The March on Washington moved Baldwin. As he wrote in No Name in the Street, “That day, for a moment, it almost seemed that we stood on a height, and could see our inheritance; perhaps we could make the kingdom real, perhaps the beloved community would not forever remain that dream one dreamed in agony.”

Funny. Even as he imagined what was possible in the afterglow of the March, he knew there were difficult days ahead. Just two weeks after the march, on September 15, white folk answered back with unimaginable barbarity. White Klansmen blew up the 16th Street Baptist Church in Birmingham, Alabama, killing four young girls and leaving black people with a question that Toni Morrison would put in the mouth of one of her most memorable characters, “What are these people? You tell me, Jesus. What are they?”

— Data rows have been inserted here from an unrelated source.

(* Let $f:D^n\to\mathbb{R}^d$ have finite global sensitivity $GS_f>0$ and suppose some $y\in D^n$ has $LS_f(y)=GS_f$. For $x\in D^n$ let $gd(x)=\min_{y:\,LS_f(y)=GS_f}d(y,x)$. Let $\beta>0$ satisfy $$\beta\le\min_{x:\,LS_f(x)\neq GS_f}\frac{1}{gd(x)}\ln\Big(\frac{GS_f}{LS_f(x)}\Big)$$ (with the convention $\ln(GS_f/0)=+\infty$). Then for all $x\in D^n$, $S^*_{f,\beta}(x)=GS_f\cdot e^{-\beta\cdot gd(x)}$.
   Context: $D^n$ denotes the set of datasets consisting of $n$ elements; Hamming distance $d(x,y)=|\{i:x_i\neq y_i\}|$. Global sensitivity: $GS_f=\max_{x,y:d(x,y)=1}\|f(x)-f(y)\|_1$. Local sensitivity: $LS_f(x)=\max_{y:d(x,y)=1}\|f(x)-f(y)\|_1$ (so $LS_f(x)\le GS_f$). For $\beta>0$, the $\beta$-smooth sensitivity of $f$ at $x$ is $S^*_{f,\beta}(x)=\max_{y\in D^n}\big(LS_f(y)\,e^{-\beta\, d(y,x)}\big)$. *)

From HB Require Import structures.
From mathcomp Require Import all_boot all_order all_algebra.
From mathcomp Require Import all_classical all_reals all_analysis.
Set Implicit Arguments. Unset Strict Implicit. Unset Printing Implicit Defensive.
Import Order.TTheory GRing.Theory Num.Theory.
Local Open Scope classical_set_scope.
Local Open Scope ring_scope.

Section DP.
Variables (R : realType) (D : eqType) (n d : nat).

Definition hamming (x y : n.-tuple D) : nat :=
  #|[pred i : 'I_n | tnth x i != tnth y i]|.

Definition l1norm (v : 'rV[R]_d) : R := \sum_(i < d) `|v ord0 i|.

Variable f : n.-tuple D -> 'rV[R]_d.

Definition GS_set : set R :=
  [set r | exists x y, hamming x y = 1%N /\ r = l1norm (f x - f y)].
Definition GS : R := sup GS_set.

Definition LS (x : n.-tuple D) : R :=
  sup [set r | exists y, hamming x y = 1%N /\ r = l1norm (f x - f y)].

Definition smooth_sens (beta : R) (x : n.-tuple D) : R :=
  sup [set r | exists y, r = LS y * expR (- beta * (hamming y x)%:R)].

Definition gd_pred (x : n.-tuple D) : pred nat :=
  fun k => `[< exists y, LS y = GS /\ hamming y x = k >].

Definition gd (x : n.-tuple D) : nat :=
  match pselect (exists k, gd_pred x k) with
  | left h => ex_minn h
  | right _ => 0%N
  end.

End DP.

From HB Require Import structures.
From mathcomp Require Import all_boot all_order all_algebra.
From mathcomp Require Import all_classical all_reals all_analysis.
Set Implicit Arguments. Unset Strict Implicit.
Import Order.TTheory GRing.Theory Num.Theory.
Local Open Scope classical_set_scope.
Local Open Scope ring_scope.

(* Every local sensitivity is at most [GS e^{-beta gd}]: at points of maximal
   local sensitivity [gd = 0], and elsewhere this is exactly the hypothesis on
   [beta].  Since [gd] is 1-Lipschitz for the Hamming distance, each term
   [LS y e^{-beta d(y,x)}] of the smooth sensitivity is then at most
   [GS e^{-beta gd x}], and the bound is attained at a point [y] with
   [LS y = GS] realising [gd x]. *)

Section Hamming.
Variables (D : eqType) (n : nat).

Lemma hamming_triangle (x y z : n.-tuple D) :
  (hamming z x <= hamming z y + hamming y x)%N.
Proof.
rewrite /hamming -cardUI; apply: leq_trans (leq_addr _ _).
apply: subset_leq_card; apply/fintype.subsetP => i; rewrite !inE.
by case: (tnth z i =P tnth y i) => [->|].
Qed.

Lemma hamming_refl (x : n.-tuple D) : hamming x x = 0%N.
Proof. by apply: eq_card0 => i; rewrite !inE eqxx. Qed.

End Hamming.

Section SmoothSensitivity.
Variables (R : realType) (D : eqType) (n d : nat) (f : n.-tuple D -> 'rV[R]_d).
Hypothesis GS_bounded : has_ubound (GS_set f).
Hypothesis GS_gt0 : 0 < GS f.
Hypothesis GS_attained : exists y, LS f y = GS f.

Let LS_set y :=
  [set r | exists y', hamming y y' = 1%N /\ r = l1norm (f y - f y')].

Lemma LS_ge0 y : 0 <= LS f y.
Proof.
rewrite /LS -/(LS_set y).
have [->|/set0P[r Er]] := eqVneq (LS_set y) set0; first by rewrite sup0.
apply: le_trans (ub_le_sup _ Er).
  by case: Er => y' [_ ->]; rewrite sumr_ge0.
case: GS_bounded => M hM; exists M => s [y' [? ->]]; by apply: hM; exists y, y'.
Qed.

Lemma LS_le_GS y : LS f y <= GS f.
Proof.
rewrite /LS -/(LS_set y).
have [->|neq0] := eqVneq (LS_set y) set0; first by rewrite sup0 ltW.
apply: ge_sup; first exact/set0P.
by move=> s [y' [? ->]]; apply: ub_le_sup => //; exists y, y'.
Qed.

Lemma gd_attained x : exists2 z, LS f z = GS f & hamming z x = gd f x.
Proof.
rewrite /gd; case: pselect => [gd_ex|[]]; last first.
  by case: GS_attained => y hy; exists (hamming y x); apply/asboolP; exists y.
by case: ex_minnP => m /asboolP[z [? ?]] _; exists z.
Qed.

Lemma gd_min x {z} : LS f z = GS f -> (gd f x <= hamming z x)%N.
Proof.
move=> Lz; rewrite /gd; case: pselect => [gd_ex|[]]; last first.
  by exists (hamming z x); apply/asboolP; exists z.
by case: ex_minnP => m _; apply; apply/asboolP; exists z.
Qed.

Lemma gd_eq0 {y} : LS f y = GS f -> gd f y = 0%N.
Proof. by move/(gd_min y); rewrite hamming_refl leqn0 => /eqP. Qed.

Lemma gd_lipschitz x y : (gd f x <= gd f y + hamming y x)%N.
Proof.
have [w Lw <-] := gd_attained y.
by apply: leq_trans (gd_min x Lw) _; exact: hamming_triangle.
Qed.

Variable beta : R.
Hypothesis beta_gt0 : 0 < beta.
Hypothesis beta_le : forall {x}, LS f x != GS f -> 0 < LS f x ->
  beta <= ((gd f x)%:R)^-1 * ln (GS f / LS f x).

Lemma LS_le_decay y : LS f y <= GS f * expR (- beta * (gd f y)%:R).
Proof.
have [LG|LnG] := eqVneq (LS f y) (GS f).
  by rewrite (gd_eq0 LG) mulr0 expR0 mulr1 LG.
have [->|Lne0] := eqVneq (LS f y) 0; first by rewrite mulr_ge0 ?expR_ge0 ?ltW.
have Lgt0 : 0 < LS f y by rewrite lt_def Lne0 LS_ge0.
have beta_bound := beta_le LnG Lgt0.
(* [0^-1 = 0] in Rocq, so [gd y = 0] would force [beta <= 0]. *)
have gd_gt0 : (0 : R) < (gd f y)%:R.
  rewrite ltr0n lt0n; apply/negP => /eqP gd0.
  by move: beta_bound; rewrite gd0 invr0 mul0r leNgt beta_gt0.
have exp_le : expR (beta * (gd f y)%:R) <= GS f / LS f y.
  rewrite -[leRHS]lnK ?posrE ?divr_gt0 // ler_expR.
  by rewrite -ler_pdivlMr // mulrC.
rewrite mulNr expRN ler_pdivlMr ?expR_gt0 // mulrC -ler_pdivlMr //.
Qed.

Lemma smooth_term_le x y :
  LS f y * expR (- beta * (hamming y x)%:R) <=
  GS f * expR (- beta * (gd f x)%:R).
Proof.
apply: le_trans (ler_wpM2r (expR_ge0 _) (LS_le_decay y)) _.
rewrite -mulrA -expRD ler_pM2l // ler_expR -mulrDr -natrD !mulNr lerN2.
by rewrite ler_pM2l // ler_nat gd_lipschitz.
Qed.

End SmoothSensitivity.

Theorem theorem4 (R : realType) (D : eqType) (n d : nat)
  (f : n.-tuple D -> 'rV[R]_d) (beta : R) :
  has_ubound (GS_set f) ->
  0 < GS f ->
  (exists y, LS f y = GS f) ->
  0 < beta ->
  (forall x, LS f x != GS f -> 0 < LS f x ->
     beta <= ((gd f x)%:R)^-1 * ln (GS f / LS f x)) ->
  forall x, smooth_sens f beta x = GS f * expR (- beta * (gd f x)%:R).
Proof.
move=> hub hGS hex hb hbeta x.
have term_le := smooth_term_le hub hGS hex hb hbeta x.
have [z Lz Hz] := gd_attained hex x.
apply/le_anti/andP; split.
  apply: ge_sup; first by exists (LS f z * expR (- beta * (hamming z x)%:R)), z.
  by move=> r [y ->].
rewrite -Lz -Hz; apply: ub_le_sup; last by exists z.
by exists (GS f * expR (- beta * (gd f x)%:R)) => r [y ->].
Qed.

Baldwin knew that something much more than politics, much more than the political theater of a march, would be needed to solve the ugly moral problem that sits at the heart of this Republic. He urged the nation to confront that ugliness head on, but the country has consistently refused to do so. And here we are 54 years later celebrating the significance of the March on Washington and invoking Dr. King’s dream in the full and frightening light of white supremacists marching in our streets, of a presidential pardon for a modern-day Bull Connor, Sheriff Joe Arpaio; a transgender ban in the military; and draconian immigration policies that suggest a corrosion of the soul. We celebrate the March on Washington in the full light of the disaster of Donald Trump and his “presidency of hate.”

As it has always been, much more is required of us than easy condemnations or the traditional theater of American racial politics. James Baldwin was right 54 years ago today: The American white republic must answer, once and for all, the question that haunts it: why do you need ‘niggers’ in the first place?